▼

(* Let $k$ be a field of prime characteristic $p$, and let $V_1,V_2,\ldots$ be a sequence of $T$-spaces of $k_0\langle X\rangle$ such that (a) $(V_iV_j)^S=V_{i+j}$ for all $i,j\ge1$, and (b) $V_{2m+1}\subseteq V_{m+1}+V_1$ for all $m\ge1$. Let $I: i_1<i_2<i_3<\cdots$ be any increasing sequence of positive integers. Then there exists a set $J$ of positive integers (indices of the sequence) with $|J|\le i_2-i_1+1$ such that $1,2\in J$ and $\sum_{j\ge1} V_{i_j}=\sum_{j\in J}V_{i_j}$.
   Context: $X=\{x_1,x_2,\ldots\}$ is a countably infinite set and $k_0\langle X\rangle$ denotes the free associative (non-unital) $k$-algebra on $X$. A $T$-space is a $k$-subspace of $k_0\langle X\rangle$ invariant under every algebra endomorphism of $k_0\langle X\rangle$. For a subset $A$, $(A)^S$ denotes the $T$-space generated by $A$. For subsets $A,B$, $AB$ denotes $\{ab: a\in A, b\in B\}$. Sums of $T$-spaces are sums of subspaces. *)

(* The free non-unital associative algebra k_0<X> on
   X = {x_0, x_1, ...} (countably many variables, indexed by nat) is modelled
   as the set of finitely supported functions from words (seq nat) to k that
   vanish on the empty word; equality is Leibniz equality of functions. *)
From mathcomp Require Import all_boot all_algebra.
Set Implicit Arguments. Unset Strict Implicit. Unset Printing Implicit Defensive.
Import GRing.Theory.
Local Open Scope ring_scope.

Definition word := seq nat.
Definition ncp (k : fieldType) := word -> k.

Section NC.
Variable k : fieldType.

Definition is_ncpoly (f : ncp k) : Prop :=
  f [::] = 0 /\ exists s : seq word, forall w, f w != 0 -> w \in s.

Definition nczero : ncp k := fun _ => 0.
Definition ncadd (f g : ncp k) : ncp k := fun w => f w + g w.
Definition ncscale (a : k) (f : ncp k) : ncp k := fun w => a * f w.
(* concatenation product of words, extended bilinearly *)
Definition ncmul (f g : ncp k) : ncp k :=
  fun w => \sum_(i < (size w).+1) f (take i w) * g (drop i w).

Definition is_subspace (V : ncp k -> Prop) : Prop :=
  [/\ forall f, V f -> is_ncpoly f,
      V nczero,
      forall f g, V f -> V g -> V (ncadd f g)
    & forall a f, V f -> V (ncscale a f)].

(* algebra endomorphism of k_0<X> (only its values on k_0<X> matter) *)
Definition is_alg_endo (phi : ncp k -> ncp k) : Prop :=
  (forall f, is_ncpoly f -> is_ncpoly (phi f)) /\
  (forall f g, is_ncpoly f -> is_ncpoly g ->
     phi (ncadd f g) = ncadd (phi f) (phi g) /\
     phi (ncmul f g) = ncmul (phi f) (phi g)) /\
  (forall a f, is_ncpoly f -> phi (ncscale a f) = ncscale a (phi f)).

Definition is_Tspace (V : ncp k -> Prop) : Prop :=
  is_subspace V /\ forall phi, is_alg_endo phi -> forall f, V f -> V (phi f).

(* (A)^S : the T-space generated by A (intersection of all T-spaces containing A) *)
Definition Tgen (A : ncp k -> Prop) : ncp k -> Prop :=
  fun f => forall V, is_Tspace V -> (forall g, A g -> V g) -> V f.

Definition prodset (A B : ncp k -> Prop) : ncp k -> Prop :=
  fun f => exists a b, [/\ A a, B b & f = ncmul a b].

▲

■ Exercise goal ■
Using the listing above, show every line that includes the string "generated".

■ Solution to the exercise ■
   Context: $X=\{x_1,x_2,\ldots\}$ is a countably infinite set and $k_0\langle X\rangle$ denotes the free associative (non-unital) $k$-algebra on $X$. A $T$-space is a $k$-subspace of $k_0\langle X\rangle$ invariant under every algebra endomorphism of $k_0\langle X\rangle$. For a subset $A$, $(A)^S$ denotes the $T$-space generated by $A$. For subsets $A,B$, $AB$ denotes $\{ab: a\in A, b\in B\}$. Sums of $T$-spaces are sums of subspaces. *)
(* (A)^S : the T-space generated by A (intersection of all T-spaces containing A) *)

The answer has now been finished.